» **Given data**:

-.-.-

(* Let $n$ be a positive integer and $d\in\Delta(n)$. Write $d=(d_1,\dots,d_L)$ with $d_L>0$ its last nonzero entry and let $q=\max_k d_k$, so that $d=(1,2,\dots,q,d_{q+1},\dots,d_L)$ with $d_{q+1}\le q$. Set $b_i=d_i-d_{i+1}$ for $q\le i<L$ and $b_L=d_L$. Then \[\big|\,[\,d\,]_q\,\big|=\big|\,[\,d\,]\cap\mathcal{P}(n,q)\,\big|=\prod_{i=q}^{L-1}\binom{b_i+b_{i+1}}{b_i},\] where an empty product equals $1$.
   Context: A partition of a positive integer $n$ is a finite non-increasing sequence $\alpha=(\alpha_1,\dots,\alpha_l)$ of positive integers with sum $n$; $\mathcal{P}(n)$ is the set of partitions of $n$, $\alpha_i=0$ for $i>l$, and $\mathcal{P}(n,k)$ is the set of partitions of $n$ with exactly $k$ nonzero parts. The diagonal sequence is $\delta(\alpha)=(d_k)_{k\ge1}$ with $d_k=|\{i:1\le i\le k,\ \alpha_i+i-1\ge k\}|$, trailing zeros omitted; $\Delta(n)=\{\delta(\alpha):\alpha\in\mathcal{P}(n)\}$, $[\,d\,]=\{\alpha\in\mathcal{P}(n):\delta(\alpha)=d\}$, and $[\,d\,]_k=[\,d\,]\cap\mathcal{P}(n,k)$. *)

From mathcomp Require Import all_boot.
Set Implicit Arguments. Unset Strict Implicit. Unset Printing Implicit Defensive.

(* A partition of n: a finite non-increasing sequence of positive integers
   with sum n.  alpha_i (1-based) is nth 0 a (i-1), and alpha_i = 0 for i > l. *)
Definition is_partition (n : nat) (a : seq nat) : bool :=
  [&& all (fun x => 0 < x) a, sorted geq a & sumn a == n].

Definition is_partition_k (n k : nat) (a : seq nat) : bool :=
  is_partition n a && (size a == k).

Definition diag_entry (a : seq nat) (k : nat) : nat :=
  count (fun i => k <= nth 0 a i.-1 + i.-1) (iota 1 k).
Lemma jump_times_indep_hist (B : nat -> set R) h : (forall k, measurable (B k)) ->
  Pr P ([set w | forall k, (k <= n)%N -> B k (jump_time D k w)] `&` hist Y n h)
  = Pr P [set w | forall k, (k <= n)%N -> B k (jump_time D k w)]
    * Pr P (hist Y n h).
Proof.
move=> mB; set E := [set w | forall k, (k <= n)%N -> B k (jump_time D k w)].
have mE : measurable E.
  apply: measurable_forall_le => // k _.
  by apply: measurable_sum => m; exact: mD.
case En: n => [|K].
  have [B00|nB00] := pselect (B 0%N 0).
    have -> : E = setT.
      apply/seteqP; split => w // _ k; rewrite En leqn0 => /eqP ->.
      by rewrite /jump_time big_ord0.
    by rewrite setTI PrT mul1r.
  have -> : E = set0.
    apply/seteqP; split => w // /(_ 0%N); rewrite En /jump_time big_ord0.
    by move/(_ isT).
  by rewrite set0I Pr0 mul0r.
rewrite -En; have Kn : (K < n)%N by rewrite En.
have [z|nz] := eqVneq (Pr P (hist Y n h)) 0.
  rewrite z mulr0; apply: Pr_subset_eq0 z; [exact: measurableI|exact: mhist|].
  exact: subIsetr.
have [_ jumps] := hist_support HT nz.
have [cK sK _] := hist_support_config (leqnn n) nz (ltnW Kn).
have s3 : size (h K) = 3%N by rewrite sK /N sr En; lia.
have sure := jumpP_size3 s3 cK (jumps K Kn).
have last_sure C : measurable C -> Pr P (C `&` hist Y n h) = Pr P (C `&` hist Y K h).
  by move=> mC; rewrite En; exact: (Pr_hist_sure_jump HT sure mC).
rewrite last_sure // -[hist Y n h]setTI last_sure // setTI.
apply: holding_indep_hist => //.
apply: (@measurable_forall_le _ _ (g_sigma_algebraType (holding_events K))) => // k kn.
apply: measurable_sum => m; apply: measurable_holding_sigma.
by have := ltn_ord m; rewrite En in kn; lia.
Qed.

Lemma Pr_merge3_transition l s i j k : (l < n)%N ->
  config s -> size s = (N - 2 * l)%N -> \sum_(x <- s) x = M ->
  0 < Pr P [set w | Y l w = s] ->
  Pr P ([set w | Y l w = s] `&` [set w | Y l.+1 w = merge3 s i j k])
    / Pr P [set w | Y l w = s]
  = qrate s (merge3 s i j k) / alpha M N l.+1.
Proof.
move=> ln cs ss sM pos.
have lN : (2 * l <= N)%N by rewrite /N sr; lia.
rewrite (Pr_transition HT) mulrC mulrA mulVf ?mul1r ?gt_eqF //.
rewrite /jumpP -(qtot_alpha lN cs ss sM) ifF //.
by apply/negbTE; rewrite gt_eqF // qtot_gt0 // ss /N sr; lia.
Qed.

End odd_initial_configuration.

Theorem proposition2p2 (R : realType) (d : measure_display)
  (Omega : measurableType d) (P : probability Omega R)
  (n : nat) (r : seq R) (Y : nat -> Omega -> seq R) (D : nat -> Omega -> R) :
  config r -> size r = (2 * n).+1 ->
  ternary_coalescent P r Y D ->
  let N := size r in
  let M := \sum_(x <- r) x in
  (* (i) Delta_1, ..., Delta_n independent, Delta_k ~ Exp(alpha k) *)
  (forall B : nat -> set R, (forall k, measurable (B k)) ->
     Pr P [set w | forall k, (k < n)%N -> B k (D k w)]
     = \prod_(k < n) fine (exponential_prob (alpha M N k.+1) (B k)))
  /\
  (* (i) (T_k)_{0<=k<=n} and (X'_k)_{0<=k<=n} are independent *)
  (forall (B : nat -> set R) (h : nat -> seq R),
     (forall k, measurable (B k)) ->
     Pr P ([set w | forall k, (k <= n)%N -> B k (jump_time D k w)]
             `&` hist Y n h)
     = Pr P [set w | forall k, (k <= n)%N -> B k (jump_time D k w)]
       * Pr P (hist Y n h))
  /\
  (* (ii) (X'_k)_{0<=k<=n} is a Markov chain ... *)
  (forall (l : nat) (h : nat -> seq R) (s' : seq R), (l < n)%N ->
     0 < Pr P (hist Y l h) ->
     Pr P (hist Y l h `&` [set w | Y l.+1 w = s'])
       * Pr P [set w | Y l w = h l]
     = Pr P (hist Y l h)
       * Pr P ([set w | Y l w = h l] `&` [set w | Y l.+1 w = s']))
  /\
  (* (ii) ... with the stated transition probabilities *)
  (forall (l : nat) (s : seq R) (i j k : nat), (l < n)%N ->
     config s -> size s = (N - 2 * l)%N -> \sum_(x <- s) x = M ->
     0 < Pr P [set w | Y l w = s] ->
     (i < j)%N -> (j < k)%N -> (k < size s)%N ->
     Pr P ([set w | Y l w = s] `&` [set w | Y l.+1 w = merge3 s i j k])
     / Pr P [set w | Y l w = s]
     = qrate s (merge3 s i j k) / alpha M N l.+1).
Proof.
move=> cr sr HT N M; split; [|split; [|split]].
- exact: Pr_holding_times cr sr HT.
- exact: jump_times_indep_hist cr sr HT.
- move=> l h s' _ _; have [_ _ _ Pr_hist_jump _] := HT.
  by rewrite Pr_hist_jump (Pr_transition HT); ring.
- by move=> l s i j k ln cs ss sM pos _ _ _; exact: (Pr_merge3_transition cr sr HT).
Qed.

-.-.-

» **Exercise**: Everything above from the line with "have [z|nz] := eqVneq (Pr P (hist Y n h)) 0." to the line with "rewrite /jumpP -(qtot_alpha", both included, must be repeated exactly, and nothing outside that range.

» **Reply**:
have [z|nz] := eqVneq (Pr P (hist Y n h)) 0.
  rewrite z mulr0; apply: Pr_subset_eq0 z; [exact: measurableI|exact: mhist|].
  exact: subIsetr.
have [_ jumps] := hist_support HT nz.
have [cK sK _] := hist_support_config (leqnn n) nz (ltnW Kn).
have s3 : size (h K) = 3%N by rewrite sK /N sr En; lia.
have sure := jumpP_size3 s3 cK (jumps K Kn).
have last_sure C : measurable C -> Pr P (C `&` hist Y n h) = Pr P (C `&` hist Y K h).
  by move=> mC; rewrite En; exact: (Pr_hist_sure_jump HT sure mC).
rewrite last_sure // -[hist Y n h]setTI last_sure // setTI.
apply: holding_indep_hist => //.
apply: (@measurable_forall_le _ _ (g_sigma_algebraType (holding_events K))) => // k kn.
apply: measurable_sum => m; apply: measurable_holding_sigma.
by have := ltn_ord m; rewrite En in kn; lia.
Qed.

Lemma Pr_merge3_transition l s i j k : (l < n)%N ->
  config s -> size s = (N - 2 * l)%N -> \sum_(x <- s) x = M ->
  0 < Pr P [set w | Y l w = s] ->
  Pr P ([set w | Y l w = s] `&` [set w | Y l.+1 w = merge3 s i j k])
    / Pr P [set w | Y l w = s]
  = qrate s (merge3 s i j k) / alpha M N l.+1.
Proof.
move=> ln cs ss sM pos.
have lN : (2 * l <= N)%N by rewrite /N sr; lia.
rewrite (Pr_transition HT) mulrC mulrA mulVf ?mul1r ?gt_eqF //.
rewrite /jumpP -(qtot_alpha lN cs ss sM) ifF //.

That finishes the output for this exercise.